There is an extensive discussion on Bismark and trim_galore performance, Bismark github. We ran a test with NA12878 nebemseq data, 125 mln reads (72.5mln read pairs). We tested performance of bismark/bcbio using --parallel (bismark workers) and -p (bowtie threads) bismark settings. We measured the performance only of the alignment step using bcbio-nextgen-commands log timecodes. 16/2/100G RAM was an optimal parameters set, with other having 5X-10X longer runtimes. When running a cohort of samples ~50% passed with 16/2/100G, some processed broken bam files, re-running with 8/2/100G or 4/2/100G solved the issue, see more info here.
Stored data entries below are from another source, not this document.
(* Let $N,S,d\ge 1$, $\alpha\in(0,1)$, let $\overline{C}_1,\dots,\overline{C}_S\in\mathbb{R}^{N\times N}$ be symmetric, $\overline{A}_1,\dots,\overline{A}_S\in\mathbb{R}^{N\times d}$, and $h\in\Sigma_N$, with $D_h=\mathrm{diag}(h)$. For $w\in\Sigma_S$ set $\widetilde{C}(w) = \sum_s w_s\overline{C}_s$ and $\widetilde{A}(w)=\sum_s w_s\overline{A}_s$. Define $M_1,M_2\in\mathbb{R}^{S\times S}$ by $(M_1)_{pq} = \langle D_h\overline{C}_p, \overline{C}_q D_h\rangle_F$ and $(M_2)_{pq} = \langle D_h^{1/2}\overline{A}_p, D_h^{1/2}\overline{A}_q\rangle_F$. Then $M_1$, $M_2$ and $M_\alpha := \alpha M_1 + (1-\alpha)M_2$ are positive semi-definite, hence $\|x\|_{M_\alpha}=\sqrt{x^\top M_\alpha x}$ induces a Mahalanobis (pseudo-)distance on $\mathbb{R}^S$, and for all $w^{(1)},w^{(2)}\in\Sigma_S$, $$FGW_{2,\alpha}\big(\widetilde{C}(w^{(1)}),\widetilde{A}(w^{(1)}),\widetilde{C}(w^{(2)}),\widetilde{A}(w^{(2)}),h,h\big)\le \|w^{(1)}-w^{(2)}\|_{M_\alpha}.$$
   Context: $\Sigma_N = \{h \in \mathbb{R}_+^N : \sum_i h_i = 1\}$; $\mathcal{U}(h,h)=\{T\in\mathbb{R}_+^{N\times N}: T\mathbf{1}_N=h,\ T^\top\mathbf{1}_N=h\}$. For symmetric $C^X,C^Y\in\mathbb{R}^{N\times N}$ and feature matrices $A^X,A^Y\in\mathbb{R}^{N\times d}$ with rows $a^X_i,a^Y_j$, the Fused Gromov–Wasserstein distance with squared Euclidean feature cost is $FGW_{2,\alpha}(C^X,A^X,C^Y,A^Y,h,h) = \big(\min_{T\in\mathcal{U}(h,h)} (1-\alpha)\sum_{i,j}\|a^X_i-a^Y_j\|_2^2T_{ij} + \alpha\sum_{i,j,k,l}(C^X_{ij}-C^Y_{kl})^2T_{ik}T_{jl}\big)^{1/2}$. $\langle A,B\rangle_F=\mathrm{tr}(A^\top B)$. *)

From HB Require Import structures.
From mathcomp Require Import all_boot all_order all_algebra.
From mathcomp Require Import classical_sets reals.
Set Implicit Arguments. Unset Strict Implicit. Unset Printing Implicit Defensive.
Import Order.TTheory GRing.Theory Num.Theory.
Local Open Scope ring_scope.
Local Open Scope classical_set_scope.

Definition simplex (R : realType) (n : nat) : set 'cV[R]_n :=
  [set h : 'cV[R]_n | (forall i, 0 <= h i 0) /\ \sum_(i < n) h i 0 = 1].

Definition Dh (R : realType) (n : nat) (h : 'cV[R]_n) : 'M[R]_n := diag_mx h^T.
Definition Dh_sqrt (R : realType) (n : nat) (h : 'cV[R]_n) : 'M[R]_n :=
  diag_mx (\row_i Num.sqrt (h i 0)).

Definition frob (R : realType) (m n : nat) (A B : 'M[R]_(m, n)) : R := \tr (A^T *m B).

Definition couplings (R : realType) (n : nat) (h : 'cV[R]_n) : set 'M[R]_n :=
  [set T : 'M[R]_n | (forall i j, 0 <= T i j) /\ T *m const_mx 1 = h /\ T^T *m const_mx 1 = h].

Definition fgw_cost (R : realType) (N d : nat) (alpha : R)
    (CX : 'M[R]_N) (AX : 'M[R]_(N, d)) (CY : 'M[R]_N) (AY : 'M[R]_(N, d))
    (T : 'M[R]_N) : R :=
  (1 - alpha) * \sum_(i < N) \sum_(j < N)
      ((\sum_(k < d) (AX i k - AY j k) ^+ 2) * T i j)
  + alpha * \sum_(i < N) \sum_(j < N) \sum_(k < N) \sum_(l < N)
      ((CX i j - CY k l) ^+ 2 * T i k * T j l).

(* FGW_{2,alpha} = (min over U(h,h) of the objective)^{1/2}; the minimum is
   written as an infimum (it is attained, U(h,h) being compact). *)
Definition FGW2 (R : realType) (N d : nat) (alpha : R)
    (CX : 'M[R]_N) (AX : 'M[R]_(N, d)) (CY : 'M[R]_N) (AY : 'M[R]_(N, d))
    (h : 'cV[R]_N) : R :=
  Num.sqrt (inf [set fgw_cost alpha CX AX CY AY T | T in couplings h]).

Definition psd (R : realType) (n : nat) (M : 'M[R]_n) : Prop :=
  M^T = M /\ forall x : 'cV[R]_n, 0 <= (x^T *m M *m x) 0 0.

Definition mnorm (R : realType) (n : nat) (M : 'M[R]_n) (x : 'cV[R]_n) : R :=
  Num.sqrt ((x^T *m M *m x) 0 0).

Definition M1 (R : realType) (N S : nat) (Cb : 'I_S -> 'M[R]_N) (h : 'cV[R]_N)
  : 'M[R]_S := \matrix_(p, q) frob (Dh h *m Cb p) (Cb q *m Dh h).

Definition M2 (R : realType) (N S d : nat) (Ab : 'I_S -> 'M[R]_(N, d))
  (h : 'cV[R]_N) : 'M[R]_S :=
  \matrix_(p, q) frob (Dh_sqrt h *m Ab p) (Dh_sqrt h *m Ab q).

Definition wsum (R : realType) (S m n : nat) (X : 'I_S -> 'M[R]_(m, n))
  (w : 'cV[R]_S) : 'M[R]_(m, n) := \sum_(s < S) w s 0 *: X s.

(* The diagonal coupling [Dh h] is admissible for every pair of weights, so
   FGW is at most the square root of its cost.  That cost is a quadratic form
   in [w1 - w2]: since [C~] and [A~] are linear in [w], the Gromov term is
   [sum_ij h_i h_j (C~(w1 - w2))_ij^2] and the feature term is
   [sum_ik h_i (A~(w1 - w2))_ik^2], which are exactly the quadratic forms of
   [M1] and [M2].  Both matrices are Gram matrices with nonnegative weights,
   hence positive semi-definite, and so is their convex combination. *)

From mathcomp Require Import all_boot all_order all_algebra.
From mathcomp Require Import classical_sets reals.
From mathcomp Require Import ring.
Set Implicit Arguments. Unset Strict Implicit. Unset Printing Implicit Defensive.
Import Order.TTheory GRing.Theory Num.Theory.
Local Open Scope ring_scope.
Local Open Scope classical_set_scope.

Section QuadraticForms.
Variable R : realType.

Definition qform n (M : 'M[R]_n) (x : 'cV[R]_n) : R := (x^T *m M *m x) 0 0.

Lemma qformE n (M : 'M[R]_n) (x : 'cV[R]_n) :
  qform M x = \sum_p \sum_q x p 0 * M p q * x q 0.
Proof.
rewrite /qform mxE exchange_big; apply: eq_bigr => q _; rewrite mxE mulr_suml.
by apply: eq_bigr => p _; rewrite !mxE.
Qed.

Lemma qform_lincomb n (a b : R) (A B : 'M[R]_n) x :
  qform (a *: A + b *: B) x = a * qform A x + b * qform B x.
Proof.
rewrite /qform mulmxDr mulmxDl -!scalemxAr -!scalemxAl.
by rewrite [LHS]mxE [X in X + _]mxE [X in _ + X]mxE.
Qed.

Lemma psd_lincomb n (a b : R) (A B : 'M[R]_n) :
  0 <= a -> 0 <= b -> psd A -> psd B -> psd (a *: A + b *: B).
Proof.
move=> a0 b0 [AT A0] [BT B0]; split; first by rewrite linearD /= !linearZ /= AT BT.
move=> x; rewrite -/(qform _ x) qform_lincomb.
by rewrite addr_ge0 // mulr_ge0 // ?A0 ?B0.
Qed.

Section Gram.
Variables (I : finType) (n : nat) (c : I -> R) (f : I -> 'I_n -> R).
Variable M : 'M[R]_n.
Hypothesis ME : forall p q, M p q = \sum_a c a * (f a p * f a q).

Lemma qform_gram x : qform M x = \sum_a c a * (\sum_p x p 0 * f a p) ^+ 2.
Proof.
rewrite qformE.
transitivity (\sum_p \sum_q \sum_a c a * ((x p 0 * f a p) * (x q 0 * f a q))).
  apply: eq_bigr => p _; apply: eq_bigr => q _.
  rewrite ME mulr_sumr mulr_suml; apply: eq_bigr => a _; ring.
under eq_bigr => p _ do rewrite exchange_big.
rewrite exchange_big; apply: eq_bigr => a _.
rewrite expr2 mulr_suml mulr_sumr; apply: eq_bigr => p _.
by rewrite !mulr_sumr.
Qed.

Lemma gram_psd : (forall a, 0 <= c a) -> psd M.
Proof.
move=> c0; split.
  apply/matrixP => p q; rewrite mxE !ME.
  by apply: eq_bigr => a _; rewrite (mulrC (f a q)).
move=> x; rewrite -/(qform M x) qform_gram.
by rewrite sumr_ge0 // => a _; rewrite mulr_ge0 ?sqr_ge0.
Qed.

End Gram.

End QuadraticForms.

Section FusedGromovWasserstein.
Variable R : realType.

Lemma frobE m n (A B : 'M[R]_(m, n)) :
  frob A B = \sum_(a : 'I_m * 'I_n) A a.1 a.2 * B a.1 a.2.
Proof.
rewrite -(pair_bigA _ (fun i j => A i j * B i j)) /frob /mxtrace exchange_big /=.
by apply: eq_bigr => j _; rewrite !mxE; apply: eq_bigr => i _; rewrite mxE.
Qed.

Lemma sum_kronecker n (F : 'I_n -> R) i : \sum_j F j *+ (i == j) = F i.
Proof.
rewrite (bigD1 i) //= eqxx mulr1n big1 ?addr0 // => j /negbTE.
by rewrite eq_sym => ->; rewrite mulr0n.
Qed.

Lemma DhE n (h : 'cV[R]_n) i j : Dh h i j = h i 0 *+ (i == j).
Proof. by rewrite /Dh !mxE. Qed.

Lemma Dh_coupling n (h : 'cV[R]_n) : (forall i, 0 <= h i 0) -> couplings h (Dh h).
Proof.
move=> h0; have margin : Dh h *m const_mx 1 = h.
  by apply/matrixP => i j; rewrite (ord1 j) mul_diag_mx !mxE mulr1.
split; first by move=> i j; rewrite DhE mulrn_wge0.
by split; rewrite // /Dh tr_diag_mx.
Qed.

Section Cost.
Variables (N d : nat) (alpha : R).
Variables (CX CY : 'M[R]_N) (AX AY : 'M[R]_(N, d)) (h : 'cV[R]_N).

Lemma fgw_cost_ge0 T : 0 <= alpha <= 1 -> couplings h T ->
  0 <= fgw_cost alpha CX AX CY AY T.
Proof.
move=> /andP[a0 a1] [T0 _]; rewrite /fgw_cost addr_ge0 // mulr_ge0 ?subr_ge0 //.
- do 2!(apply: sumr_ge0 => ? _).
  by rewrite mulr_ge0 // sumr_ge0 // => k _; rewrite sqr_ge0.
- by do 4!(apply: sumr_ge0 => ? _); rewrite mulr_ge0 // mulr_ge0 // sqr_ge0.
Qed.

Lemma FGW2_le_cost T : 0 <= alpha <= 1 -> couplings h T ->
  FGW2 alpha CX AX CY AY h <= Num.sqrt (fgw_cost alpha CX AX CY AY T).
Proof.
move=> a01 hT; rewrite ler_wsqrtr // ge_inf //; last by exists T.
by exists 0 => _ [T' hT' <-]; exact: fgw_cost_ge0.
Qed.

Lemma fgw_cost_Dh : fgw_cost alpha CX AX CY AY (Dh h) =
  (1 - alpha) * \sum_i \sum_k h i 0 * (AX i k - AY i k) ^+ 2
  + alpha * \sum_i \sum_j (h i 0 * h j 0) * (CX i j - CY i j) ^+ 2.
Proof.
rewrite /fgw_cost; congr (_ * _ + _ * _).
  apply: eq_bigr => i _; under eq_bigr => j _ do rewrite DhE mulrnAr.
  by rewrite sum_kronecker mulr_suml; apply: eq_bigr => k _; rewrite mulrC.
apply: eq_bigr => i _; apply: eq_bigr => j _.
under eq_bigr => k _ do under eq_bigr => l _ do rewrite !DhE !mulrnAr mulrnAl.
under eq_bigr => k _ do rewrite sum_kronecker.
by rewrite sum_kronecker -mulrA mulrC.
Qed.
End Cost.

Lemma wsumE S m n (X : 'I_S -> 'M[R]_(m, n)) (w : 'cV[R]_S) i j :
  wsum X w i j = \sum_s w s 0 * X s i j.
Proof. by rewrite /wsum summxE; apply: eq_bigr => s _; rewrite mxE. Qed.

Lemma wsumBE S m n (X : 'I_S -> 'M[R]_(m, n)) (w1 w2 : 'cV[R]_S) i j :
  wsum X w1 i j - wsum X w2 i j = wsum X (w1 - w2) i j.
Proof. by rewrite !wsumE -sumrB; apply: eq_bigr => s _; rewrite !mxE mulrBl. Qed.

Section Barycenters.
Variables (N S d : nat) (Cb : 'I_S -> 'M[R]_N) (Ab : 'I_S -> 'M[R]_(N, d)).
Variable h : 'cV[R]_N.
Hypothesis h_ge0 : forall i, 0 <= h i 0.

Lemma M1_gram p q : M1 Cb h p q =
  \sum_(a : 'I_N * 'I_N) (h a.1 0 * h a.2 0) * (Cb p a.1 a.2 * Cb q a.1 a.2).
Proof.
rewrite mxE frobE; apply: eq_bigr => a _.
by rewrite mul_diag_mx mul_mx_diag !mxE; ring.
Qed.

Lemma M2_gram p q : M2 Ab h p q =
  \sum_(a : 'I_N * 'I_d) h a.1 0 * (Ab p a.1 a.2 * Ab q a.1 a.2).
Proof.
rewrite mxE frobE; apply: eq_bigr => a _.
by rewrite /Dh_sqrt !mul_diag_mx !mxE mulrACA -expr2 sqr_sqrtr.
Qed.

Lemma qform_M1 x : qform (M1 Cb h) x =
  \sum_i \sum_j (h i 0 * h j 0) * (wsum Cb x i j) ^+ 2.
Proof.
rewrite (qform_gram M1_gram).
rewrite -(pair_bigA _ (fun i j => h i 0 * h j 0 * (\sum_p x p 0 * Cb p i j) ^+ 2)).
by apply: eq_bigr => i _; apply: eq_bigr => j _; rewrite wsumE.
Qed.

Lemma qform_M2 x : qform (M2 Ab h) x =
  \sum_i \sum_k h i 0 * (wsum Ab x i k) ^+ 2.
Proof.
rewrite (qform_gram M2_gram).
rewrite -(pair_bigA _ (fun i k => h i 0 * (\sum_p x p 0 * Ab p i k) ^+ 2)).
by apply: eq_bigr => i _; apply: eq_bigr => k _; rewrite wsumE.
Qed.

Lemma fgw_cost_Dh_wsum alpha w1 w2 :
  fgw_cost alpha (wsum Cb w1) (wsum Ab w1) (wsum Cb w2) (wsum Ab w2) (Dh h) =
  qform (alpha *: M1 Cb h + (1 - alpha) *: M2 Ab h) (w1 - w2).
Proof.
rewrite fgw_cost_Dh qform_lincomb qform_M1 qform_M2 addrC.
by congr (_ * _ + _ * _); do 2!apply: eq_bigr => ? _; rewrite wsumBE.
Qed.

End Barycenters.

End FusedGromovWasserstein.

Theorem proposition4 (R : realType) (N S d : nat) (alpha : R)
  (Cb : 'I_S -> 'M[R]_N) (Ab : 'I_S -> 'M[R]_(N, d)) (h : 'cV[R]_N) :
  (0 < N)%N -> (0 < S)%N -> (0 < d)%N ->
  0 < alpha < 1 ->
  (forall s, (Cb s)^T = Cb s) ->
  h \in @simplex R N ->
  let Ma := alpha *: M1 Cb h + (1 - alpha) *: M2 Ab h in
  [/\ psd (M1 Cb h), psd (M2 Ab h), psd Ma &
   forall w1 w2 : 'cV[R]_S, w1 \in @simplex R S -> w2 \in @simplex R S ->
     FGW2 alpha (wsum Cb w1) (wsum Ab w1) (wsum Cb w2) (wsum Ab w2) h
       <= mnorm Ma (w1 - w2)].
Proof.
move=> _ _ _ /andP[alpha_gt0 alpha_lt1] _; rewrite in_setE => -[h_ge0 _] Ma.
have psdM1 : psd (M1 Cb h).
  exact: gram_psd (M1_gram Cb h) (fun a => mulr_ge0 (h_ge0 a.1) (h_ge0 a.2)).
have psdM2 : psd (M2 Ab h).
  exact: gram_psd (M2_gram Ab h_ge0) (fun a => h_ge0 a.1).
split => // [|w1 w2 _ _].
  by apply: psd_lincomb; rewrite ?subr_ge0 ?ltW.
rewrite /mnorm -/(qform Ma _) -fgw_cost_Dh_wsum //.
by apply: FGW2_le_cost (Dh_coupling h_ge0); rewrite !ltW.
Qed.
For Lambda Phage genome we re-used trimming step results and 4/2/30G settings.

bcbio.yaml:

details:
- algorithm:
    aligner: bismark
    kit: nebemseq
  analysis: wgbs-seq
  description: NA12878_1
  files:
  - /path/to/NA12878_1.fq.gz
  - /path/to/NA12878_2.fq.gz
  genome_build: hg38
  metadata:
    batch: NA12878_1-batch
    phenotype: tumor
fc_name: bcbio
resources:
  bismark:
    bismark_threads: 4
    bowtie_threads: 2
upload:
  dir: ../final

Tests:

test_N bismark_threads bowtie_threads time bcbio -n RAM
01 1 2 14h 42min 16 50G
02 1 4 >3.5 days 16 50G
03 1 8 1d 21h 16 50G
04 1 16 1d 15h 32 50G
05 1 32 >3day 14h 64 100G
06 2 2 2days 4h 16 50G
07 4 2 13h 16 50G
08 8 2 3h 34 min 16 50G
09 16 2 2h 42 min 32 100G
10 32 2 7h 40 min 64 250G
11 2 4 1d 23h 16 50G
12 2 8 11h 30 min 16 50G
13 2 16 11h 45 min 32 50G
14 2 32 >3days 14h 64 100G
15 4 2 4h 4 min 16 50G
16 4 4 15 h 16 50G
17 4 8 6 h 32 50G
18 4 16 15h 64 100G
19 4 32 1d 2h 128 200G
20 24 2 8h 48 192G

ipython parallelization is not implemented for wgbs-seq, use 1 node / multicore jobs.